Chandel and the other Lurie Prize recipient, Vamsi K. Mootha, each received a $50,000 honorarium, and both were recognized at the FNIH 11th Annual Awards Ceremony in October in Washington, D.C.

Svaren appointed to research leadership

John Svaren became the interim associate vice chancellor for research in the biological sciences at the University of Wisconsin in September. In this new role, he oversees the biological sciences and interdisciplinary research across campus. In addition, Svaren is responsible for divisional area recruitment and retention, grant matches, faculty awards and special initiative awards such as Research Forward.

portrait of John Svaren
John Svaren

Svaren is a professor of comparative biosciences at the UW School of Veterinary Medicine and director of the Waisman Center intellectual and developmental disabilities core. His research explores the genomic and epigenetic determinants of the myelination process. In addition, Svaren is developing new therapeutics to treat myelination disorders such as the inherited peripheral neuropathy known as Charcot-Marie-Tooth disease. His lab was the first to develop chromatin immunoprecipitation analysis to identify regulatory elements in peripheral myelin genes.
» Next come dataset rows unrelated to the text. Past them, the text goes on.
Lemma comm_step_coupled (D : R) (st st0 : state) (As As0 : list (R * R)) (Bs Bs0 : list R) :
  0 <= D -> (forall p, In p (queue st) -> snd p <= c) ->
  (forall p, In p (queue st0) -> snd p <= 0) ->
  coupled D (mkLogged st As Bs) (mkLogged st0 As0 Bs0) ->
  match comm_step L d st, comm_step L d0 st0 with
  | Some (st', job), Some (st0', job0) =>
      coupled (D + c) (mkLogged st' (job :: As) Bs) (mkLogged st0' (job0 :: As0) Bs0)
  | None, None => True
  | _, _ => False
  end.
Proof.
  intros HD Hq Hq0 [Hrc Hrm Hfc Hfm Htc Htm HA HB]; simpl in *.
  unfold comm_step. rewrite <- Hrm. destruct (rem_comm st) as [|a as_]; [exact I|].
  assert (Hrdy : late_opt D (a2a_ready L st a) (a2a_ready L st0 a)).
  { unfold a2a_ready. destruct (a2a_dep L a); [apply Hfc|simpl; unfold late; lra]. }
  destruct (a2a_ready L st a) as [rdy|], (a2a_ready L st0 a) as [rdy0|]; simpl in Hrdy; try tauto.
  unfold run_comm. rewrite <- Hcomm_eq.
  assert (Hstart : late (D + c) (fst (fill (free_comm st) rdy (queue st)))
                            (fst (fill (free_comm st0) rdy0 (queue st0)))).
  { pose proof (fill_start_ge (queue st) (free_comm st) rdy).
    pose proof (fill_start_le (queue st) (free_comm st) rdy c Hc Hq).
    pose proof (fill_start_ge (queue st0) (free_comm st0) rdy0).
    pose proof (fill_start_le (queue st0) (free_comm st0) rdy0 0 (Rle_refl 0) Hq0).
    pose proof (Rmax_late D _ _ _ _ Htm Hrdy).
    assert (Rmax (free_comm st) (rdy + c) <= Rmax (free_comm st) rdy + c)
      by (unfold Rmax; repeat destruct Rle_dec; lra).
    rewrite Rplus_0_r in *. unfold late in *. lra. }
  assert (HDc : D <= D + c) by lra.
  split; simpl; auto.
  - intros c1. now apply (late_opt_weaken D).
  - intros a1. unfold upd_comm. destruct (comm_eqb a a1); simpl.
    + unfold late in *; lra.
    + now apply (late_opt_weaken D).
  - now apply (late_weaken D).
  - unfold late in *; lra.
  - constructor; [split; [reflexivity|exact Hstart]|]. now apply (delayed_weaken D).
  - now apply (Forall2_late_weaken D).
Qed.

Hypotheses (Hcomp : forall x, 0 <= comp_dur d x) (Hcomm : forall a, 0 <= comm_dur d a)
  (Hchunk : forall du, In du (chunk_durs d Sp) -> 0 <= du <= c)
  (Hchunk0 : forall du, In du (chunk_durs d0 Sp0) -> 0 <= du <= 0).

Lemma step_coupled (D : R) (e e0 : logged) :
  0 <= D -> inv Rp d Sp c e -> inv Rp d0 Sp0 0 e0 -> coupled D e e0 ->
  match step L Rp d Sp e, step L Rp d0 Sp0 e0 with
  | Some e', Some e0' => coupled (D + c) e' e0'
  | None, None => True
  | _, _ => False
  end.
Proof.
  destruct e as [st As Bs], e0 as [st0 As0 Bs0]. intros HD Hs Hs0 Hcp.
  pose proof (comp_step_coupled D st st0 As As0 Bs Bs0 HD Hcp) as Hcs.
  unfold step; simpl.
  destruct (comp_step Rp d Sp st) as [[st' rel]|], (comp_step Rp d0 Sp0 st0) as [[st0' rel0]|];
    try tauto.
  - apply (coupled_weaken D); [lra|exact Hcs].
  - assert (Hq : forall p, In p (queue st) -> snd p <= c)
      by (intros p Hp; apply (inv_queue _ _ _ _ _ Hs p Hp)).
    assert (Hq0 : forall p, In p (queue st0) -> snd p <= 0)
      by (intros p Hp; apply (inv_queue _ _ _ _ _ Hs0 p Hp)).
    pose proof (comm_step_coupled D st st0 As As0 Bs Bs0 HD Hq Hq0 Hcp) as Hms.
    destruct (comm_step L d st) as [[st' job]|], (comm_step L d0 st0) as [[st0' job0]|]; tauto.
Qed.

Lemma run_coupled (fuel : nat) (D : R) (e e0 : logged) :
  0 <= D -> inv Rp d Sp c e -> inv Rp d0 Sp0 0 e0 -> coupled D e e0 ->
  coupled (D + INR fuel * c) (run L Rp d Sp fuel e) (run L Rp d0 Sp0 fuel e0).
Proof.
  assert (Hcomp0 : forall x, 0 <= comp_dur d0 x) by (intros x; rewrite <- Hcomp_eq; apply Hcomp).
  assert (Hcomm0 : forall a, 0 <= comm_dur d0 a) by (intros a; rewrite <- Hcomm_eq; apply Hcomm).
  revert D e e0. induction fuel as [|fuel IH]; intros D e e0 HD Hs Hs0 Hcp; simpl run.
  - now rewrite Rmult_0_l, Rplus_0_r.
  - pose proof (step_coupled D e e0 HD Hs Hs0 Hcp) as Hstep. rewrite S_INR.
    destruct (step L Rp d Sp e) as [e'|] eqn:He, (step L Rp d0 Sp0 e0) as [e0'|] eqn:He0; try tauto.
    + replace (D + (INR fuel + 1) * c) with (D + c + INR fuel * c) by ring.
      apply IH; [lra|eapply inv_step; eauto|eapply inv_step; eauto|exact Hstep].
    + apply (coupled_weaken D); [pose proof (pos_INR fuel); nra|exact Hcp].
Qed.

End Coupling.

(** * Bounds on the makespan *)

Definition makespan_bound (W : R) (e : logged) : R :=
  Rmax (free_comp (cur e)) (max_load_bound W (a2a_log e) (release_log e)).

Section Makespan.
Variables (Rp : nat) (d : durations) (Sp c : R) (e : logged).
Hypothesis (Hchunk : forall du, In du (chunk_durs d Sp) -> 0 <= du <= c).
Hypothesis (Hs : inv Rp d Sp c e).

Let W := rsum (chunk_durs d Sp).
(* Assume the Continuum Hypothesis. Let $X$ be a real Banach space with $\operatorname{dens} X = \operatorname{dens} X^* = \omega_1$. Then $X$ contains an overcomplete set which is dense in $X$.
   Context: $\operatorname{dens}$ denotes the density character. A subset $S$ of a Banach space $X$ with $|S| = \operatorname{dens} X$ is called overcomplete if every subset $\Lambda \subseteq S$ with $|\Lambda| = |S|$ is linearly dense in $X$. *)

From HB Require Import structures.
From mathcomp Require Import all_boot all_order all_algebra.
From mathcomp Require Import all_classical all_reals all_analysis.
Set Implicit Arguments. Unset Strict Implicit. Unset Printing Implicit Defensive.
Import Order.TTheory GRing.Theory Num.Theory.
Import numFieldNormedType.Exports.
Local Open Scope classical_set_scope.
Local Open Scope ring_scope.
Local Open Scope card_scope.

(* |A| = omega_1 : A is uncountable and of minimal uncountable cardinality,
   i.e. every uncountable subset of A is equipotent to A. *)
Definition card_omega1 (T : Type) (A : set T) : Prop :=
  ~ countable A /\ forall B : set T, B `<=` A -> ~ countable B -> B #= A.

Definition CH (R : realType) : Prop :=
  forall A : set R, countable A \/ A #= [set: R].

(* |A| = dens T : A is equipotent to some dense subset of T and injects into
   every dense subset of T (dens T = least cardinality of a dense subset). *)
Definition card_is_dens (T : topologicalType) (U : Type) (A : set U) : Prop :=
  (exists D : set T, dense D /\ D #= A) /\
  (forall D : set T, dense D -> A #<= D).

Definition dens_omega1 (T : topologicalType) : Prop :=
  exists A : set T, card_is_dens T A /\ card_omega1 A.

Definition is_dual_elt (R : realType) (X : normedModType R) (f : X -> R) : Prop :=
  (forall (a : R) (x y : X), f (a *: x + y) = a * f x + f y) /\ continuous f.

(* D is norm-dense in X^*: D is a set of elements of X^* and every element of
   X^* is approximated within any eps > 0 in the dual (operator) norm,
   ||f - g|| <= eps  meaning  |f x - g x| <= eps * ||x|| for all x. *)
Definition dual_dense (R : realType) (X : normedModType R) (D : set (X -> R)) : Prop :=
  (forall g, D g -> is_dual_elt g) /\
  forall f : X -> R, is_dual_elt f -> forall eps : R, 0 < eps ->
    exists2 g, D g & forall x : X, `|f x - g x| <= eps * `|x|.

Definition dual_dens_omega1 (R : realType) (X : normedModType R) : Prop :=
  exists D : set (X -> R), dual_dense D /\ card_omega1 D /\
    forall D' : set (X -> R), dual_dense D' -> D #<= D'.

Definition lin_span (R : realType) (X : normedModType R) (S : set X) : set X :=
  [set x | exists (n : nat) (c : 'I_n -> R) (v : 'I_n -> X),
      (forall i, S (v i)) /\ x = \sum_(i < n) c i *: v i].

Definition lin_dense (R : realType) (X : normedModType R) (S : set X) : Prop :=
  closure (lin_span S) = [set: X].

Definition overcomplete (R : realType) (X : normedModType R) (S : set X) : Prop :=
  card_is_dens X S /\
  forall L : set X, L `<=` S -> L #= S -> lin_dense L.

From HB Require Import structures.
From mathcomp Require Import all_boot all_order all_algebra.
From mathcomp Require Import all_classical all_reals all_analysis.
From mathcomp Require Import ring lra.
Set Implicit Arguments. Unset Strict Implicit. Unset Printing Implicit Defensive.
Import Order.TTheory GRing.Theory Num.Theory.
Import numFieldNormedType.Exports.
Local Open Scope classical_set_scope.
Local Open Scope ring_scope.
Local Open Scope card_scope.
Svaren has received a UW Vilas Associate Research Award and been honored as an outstanding mentor in the Ronald E. McNair Post-Baccalaureate Achievement Program. He also received a Pfizer Research Award from the UW School of Veterinary Medicine.

“I am looking forward to this new leadership opportunity to interact with and support researchers in the biological sciences across campus,” Svaren said in a UW press release. “The interdisciplinary research enterprise at UW–Madison has been a tremendous asset and I hope to help foster continued growth so that our research mission remains on the cutting edge.”

Khal wins Duke chancellor’s award

The Duke University School of Medicine Office of Biomedical Graduate Education announced that nine second-year Ph.D. students received the 2023 Chancellor’s International Award. Among the awardees is American Society for Biochemistry and Molecular Biology member Sai Kwan Khal. The chancellor’s awards supports international students with a full year of tuition and fees as well as a stipend to help cover living expenses. The award also provides recipients with opportunities for professional development, such as workshops, conferences and mentorship programs.

Sai Kwan Khal

Khal is a graduate student in biochemistry and works in the lab of Michael Boyce, an associate professor of biochemistry at Duke. Khal’s research focuses on protein glycosylation during health and disease. He completed his undergraduate degree at the College of Wooster in Ohio. During his time at Wooster, Khal served as a peer educator, teaching his fellow students about health issues such as alcohol use and stress management.

“International students bring a wealth of knowledge and experience to research universities,” Beth Sullivan, the associate dean for research training and professor of molecular genetics and microbiology, said in a Duke press release. “Their diverse perspectives foster critical and creative thinking. This diversity of perspectives is essential for conducting cutting-edge research.”